I carried an old broken axe with me from home to home for over 25 years before I finally got around to restoring it. It had belonged to an elderly gentleman which I had worked with as a teenager. A couple years later he passed away and I bought this axe at his estate sale. He was a working man and I wanted a tool to remember him by. A few years ago I rehung that axe and turned it into my everyday splitter. Then an elderly neighbor took a fancy to that axe and I made a gift of it to him. 3 lives for that axe. It's an old 4-pound Vaughan Dayton.

And who knows, it may find it's way back to you again one day.
 
Another book with some good axe stories is 'Selections From the Chronical - The Fascinating World of Early Tools, Trades & Technology'.
 
I got Foxfire 4 for Xmas, and the section on logging is fascinating. The references to axes are interwoven with other details, but I think most people would enjoy the whole thing. One detail that delighted me especially for some reason was "nosing" the leading edge of the logs, to make them safer and easier to pull.
 
I like the Foxfire books. There are also some references to axes in Books 9 and 10:


The book titled Foxfire 9 has a section about an old-timer who makes axe handles, and when he installs the head he splits the haft instead of sawing it. He was commenting about the lack of people who know how to make an axe handle the right way.

In Foxfire 10, there is a section about hewing cross ties for the railroad. The cross ties were 8'-6" long and typically 7" by 9", and were sold for about 50 cents each.

A preview of Foxfire 10:
http://books.google.com/books?id=l7E9SysL_OkC&lpg=PA29&dq=foxfire%20hewing&pg=PA28#v=onepage&q=foxfire%20hewing&f=false


The Foxfire series of books from the 1970s and '80s contain interviews of old-timers who remember how things were done in the early 1900s and Great Depression.
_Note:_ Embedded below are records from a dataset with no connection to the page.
(* Let $G=(V,E)$ be an $(n-4)$-regular graph on $n>4$ nodes and let $\emptyset\ne V_i\subseteq V$ with $|V_i|=t_in$. Then $n(n-4)\,\mathsf M(V_i)\le (4t_i^2-t_i)\,n$. In particular, if $|V_i|\le n/4$ then $\mathsf M(V_i)\le 0$, and if $|V_i|=(\frac14+\delta)n$ with $\delta>0$ then $n(n-4)\mathsf M(V_i)\le(4\delta^2+\delta)n$.
   Context: For a finite simple undirected graph $G=(V,E)$ with $m=|E|\ge1$ edges, degrees $d_v$, and $a_{u,v}=1$ if $\{u,v\}\in E$ and $0$ otherwise: for $C\subseteq V$, $\mathsf M(C)=\frac{1}{2m}\sum_{u\in C}\sum_{v\in C}\big(a_{u,v}-\frac{d_ud_v}{2m}\big)$, the sum over all ordered pairs including $u=v$. *)

From HB Require Import structures.
From mathcomp Require Import all_boot all_order all_algebra.
Set Implicit Arguments. Unset Strict Implicit. Unset Printing Implicit Defensive.
Import Order.TTheory GRing.Theory Num.Theory.
Local Open Scope ring_scope.

(* A finite simple undirected graph is a symmetric irreflexive relation
   e : rel T on a finite vertex type T. *)

Definition edges (T : finType) (e : rel T) : {set {set T}} :=
  [set A : {set T} | [exists u, exists v, e u v && (A == [set u; v])]].

Definition nedges (T : finType) (e : rel T) : nat := #|edges e|.

Definition deg (T : finType) (e : rel T) (v : T) : nat := #|[set u | e v u]|.

Definition adj (R : numFieldType) (T : finType) (e : rel T) (u v : T) : R :=
  if e u v then 1 else 0.

Definition modularity (R : numFieldType) (T : finType) (e : rel T) (C : {set T}) : R :=
  let m2 : R := 2 * (nedges e)%:R in
  m2^-1 * \sum_(u in C) \sum_(v in C)
     (adj R e u v - (deg e u)%:R * (deg e v)%:R / m2).

(* In an (n-4)-regular graph 2m = n(n-4) and all degree products equal (n-4)^2, so
   n(n-4) M(C) = S - (n-4)c^2/n, where c = |C| and S counts the ordered adjacent pairs
   inside C.  Irreflexivity gives S <= c^2 - c, hence n(n-4) M(C) <= 4c^2/n - c, which
   is (4t^2 - t) n for c = tn; the two special cases are arithmetic consequences. *)
From HB Require Import structures.
From mathcomp Require Import all_boot all_order all_algebra.
From mathcomp Require Import ring lra.
Set Implicit Arguments. Unset Strict Implicit. Unset Printing Implicit Defensive.
Import Order.TTheory GRing.Theory Num.Theory.
Local Open Scope ring_scope.

Section Handshake.

Variables (T : finType) (e : rel T).
Hypotheses (e_sym : symmetric e) (e_irr : irreflexive e).

Lemma edge_neq (u v : T) : e u v -> u != v.
Proof. by apply: contraTneq => ->; rewrite e_irr. Qed.

Lemma card_arcs_of_edge u v : e u v ->
  #|[pred p : T * T | e p.1 p.2 && ([set p.1; p.2] == [set u; v])]| = 2%N.
Proof.
move=> huv; have -> : 2%N = #|[set (u, v); (v, u)]|.
  by rewrite cards2 xpair_eqE (negbTE (edge_neq huv)).
apply: eq_card => -[a b]; rewrite !inE !xpair_eqE /=.
apply/idP/idP => [/andP [hab /eqP Eab] | /orP [] /andP [/eqP -> /eqP ->]]; last 2 first.
- by rewrite huv eqxx.
- by rewrite -e_sym huv setUC eqxx.
have: a \in [set u; v] /\ b \in [set u; v] by rewrite -Eab !inE !eqxx orbT.
move: (edge_neq hab); rewrite !inE => ab [/orP [] /eqP ea /orP [] /eqP eb].
all: by subst a b; move: ab; rewrite ?eqxx ?orbT.
Qed.

Lemma handshake : (\sum_v deg e v = 2 * nedges e)%N.
Proof.
have -> : (\sum_v deg e v = \sum_(p | e p.1 p.2) 1)%N.
  rewrite [RHS]big_mkcond -(pair_bigA _ (fun u v => if e u v then 1 else 0)%N).
  apply: eq_bigr => u _; rewrite /deg -sum1_card big_mkcond.
  by apply: eq_bigr => v _; rewrite inE.
rewrite (partition_big (fun p : T * T => [set p.1; p.2]) (mem (edges e))) /=; last first.
  move=> [u v] /= huv; rewrite inE; apply/existsP; exists u; apply/existsP; exists v.
  by rewrite huv eqxx.
rewrite /nedges mulnC -sum_nat_const; apply: eq_bigr => A.
rewrite inE => /existsP [u /existsP [v /andP [huv /eqP ->]]].
by rewrite sum1_card card_arcs_of_edge.
Qed.

End Handshake.

Section RegularModularity.

Variables (R : realFieldType) (T : finType) (e : rel T) (k : nat).
Hypotheses (e_sym : symmetric e) (e_irr : irreflexive e).
Hypotheses (T_gt0 : (0 < #|T|)%N) (k_gt0 : (0 < k)%N).
Hypothesis e_reg : forall v, deg e v = k.

Let n : R := #|T|%:R.

Lemma sum_adj_le (C : {set T}) :
  \sum_(u in C) \sum_(v in C) adj R e u v <= #|C|%:R ^+ 2 - #|C|%:R.
Proof.
have row_le u : u \in C -> \sum_(v in C) adj R e u v <= #|C|%:R - 1.
  move=> uC; rewrite [X in X <= _](bigD1 u) //= {1}/adj e_irr add0r.
  rewrite -sum1_card natr_sum (bigD1 u uC) /= mulr1n addrC addrK; apply: ler_sum => v _.
  by rewrite /adj; case: (e u v).
apply: le_trans (ler_sum _ row_le) _.
by rewrite sumr_const -mulr_natr; lra.
Qed.

Lemma twice_nedges_regular : 2 * (nedges e)%:R = n * k%:R.
Proof.
rewrite -natrM -handshake // (eq_bigr (fun _ => k)) // sum_nat_const.
by rewrite natrM.
Qed.

Lemma regular_modularityE (C : {set T}) :
  n * k%:R * modularity R e C
  = \sum_(u in C) \sum_(v in C) adj R e u v - k%:R * #|C|%:R ^+ 2 / n.
Proof.
have n_neq0 : n != 0 by rewrite pnatr_eq0 -lt0n.
have k_neq0 : k%:R != 0 :> R by rewrite pnatr_eq0 -lt0n.
have row u : \sum_(v in C) (adj R e u v - (deg e u)%:R * (deg e v)%:R / (n * k%:R))
             = \sum_(v in C) adj R e u v - #|C|%:R * (k%:R / n).
  rewrite sumrB [X in _ - X](eq_bigr (fun _ => k%:R / n)) => [|v _].
    by rewrite sumr_const [in RHS]mulr_natl.
  by rewrite !e_reg; field; rewrite n_neq0 k_neq0.
rewrite /modularity twice_nedges_regular mulrA mulfV ?mulf_neq0 // mul1r.
rewrite (eq_bigr _ (fun u _ => row u)) sumrB sumr_const -mulr_natr.
by congr (_ - _); field; rewrite n_neq0.
Qed.

Lemma regular_modularity_le (C : {set T}) :
  n * k%:R * modularity R e C <= #|C|%:R ^+ 2 - #|C|%:R - k%:R * #|C|%:R ^+ 2 / n.
Proof. by rewrite regular_modularityE lerB ?sum_adj_le. Qed.

End RegularModularity.

Theorem lemma6 (R : realFieldType) (T : finType) (e : rel T)
  (e_sym : symmetric e) (e_irr : irreflexive e)
  (n_gt4 : (4 < #|T|)%N)
  (e_reg : forall v : T, deg e v = (#|T| - 4)%N)
  (C : {set T}) (C_nonempty : C != set0)
  (t : R) (ht : (#|C|)%:R = t * (#|T|)%:R) :
  let n : R := (#|T|)%:R in
  [/\ n * (n - 4) * modularity R e C <= (4 * t ^+ 2 - t) * n,
      ((#|C|)%:R <= n / 4 -> modularity R e C <= 0)
    & (forall delta : R, 0 < delta ->
         (#|C|)%:R = (1 / 4 + delta) * n ->
         n * (n - 4) * modularity R e C <= (4 * delta ^+ 2 + delta) * n)].
Proof.
move=> n.
have n_gt4' : 4 < n by rewrite ltr_nat.
have n_gt0 : 0 < n by lra.
have T_gt0 : (0 < #|T|)%N by apply: leq_ltn_trans n_gt4.
have k_gt0 : (0 < #|T| - 4)%N by rewrite subn_gt0.
have k_eq : (#|T| - 4)%:R = n - 4 :> R by rewrite natrB // ltnW.
have bound : n * (n - 4) * modularity R e C <= (4 * t ^+ 2 - t) * n.
  have rhs_eq : #|C|%:R ^+ 2 - #|C|%:R - (n - 4) * #|C|%:R ^+ 2 / n = (4 * t ^+ 2 - t) * n.
    by rewrite ht; field; lra.
  by rewrite -rhs_eq -k_eq; exact: regular_modularity_le.
split=> // [c_le | delta _ hc].
- have nk_gt0 : 0 < n * (n - 4) by apply: mulr_gt0; lra.
  have t_ge0 : 0 <= t by rewrite -(pmulr_lge0 _ n_gt0) -ht ler0n.
  rewrite -(pmulr_rle0 _ nk_gt0); apply: le_trans bound _.
  rewrite ht in c_le; nra.
- have t_eq : t = 1 / 4 + delta by apply: (mulIf (lt0r_neq0 n_gt0)); rewrite -ht.
  have -> : 4 * delta ^+ 2 + delta = 4 * t ^+ 2 - t by rewrite t_eq; field.
  exact: bound.
Qed.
In Foxfire 10, there is a section about hewing cross ties for the railroad. The cross ties were 8'-6" long and typically 7" by 9", and were sold for about 50 cents each.

Some quotes from the book:

Dan Crane: "A lot of people hewed. They had to. That's the only way they had to make a few dollars to buy groceries with... The cross ties were made out of white oak, red oak, and all different kinds of oak for a long time. After several years, we started hewing them out of pine, too. After they creosoted the heart pine, they would last a pretty good while. And a lot of times, we would get trees that would have three or four cross ties in them. The hewed cross ties came from the heart of the tree, and they would last longer than the sawed ones that were cut out of any part of the tree, so the railroad would pay more for a hewed one than a sawed one..."

"And all we ever used to hew with was a three-and-a-half pound Sager double-bitted axe. We never used a broadax."

"We'd hew the cross ties mostly in the fall of the year after the sap went down..."

"My daddy could hew ten a day. Eight was a good, easy day's work. He'd hew ten a lot of times. I could hew six or seven myself, and I was just a boy then sixteen or seventeen years old."

Dan Crane showed the writers of the book how to hew a cross tie. There's a photo of him hewing a log using a double bit axe. Here's a link showing another photo of him holding up the finished cross tie that he hewed for the demonstration:

http://books.google.com/books?id=l7E9SysL_OkC&lpg=PA29&dq=foxfire%20hewing&pg=PA28#v=onepage&q=foxfire%20hewing&f=false

By the way, these Foxfire books tend to have a lot of good information and stories about life in Southern Appalachia when people were more self-reliant. Foxfire 5 was an interesting read, with chapters covering Ironmaking, Blacksmithing, Flintlock Rifles, and Bear Hunting.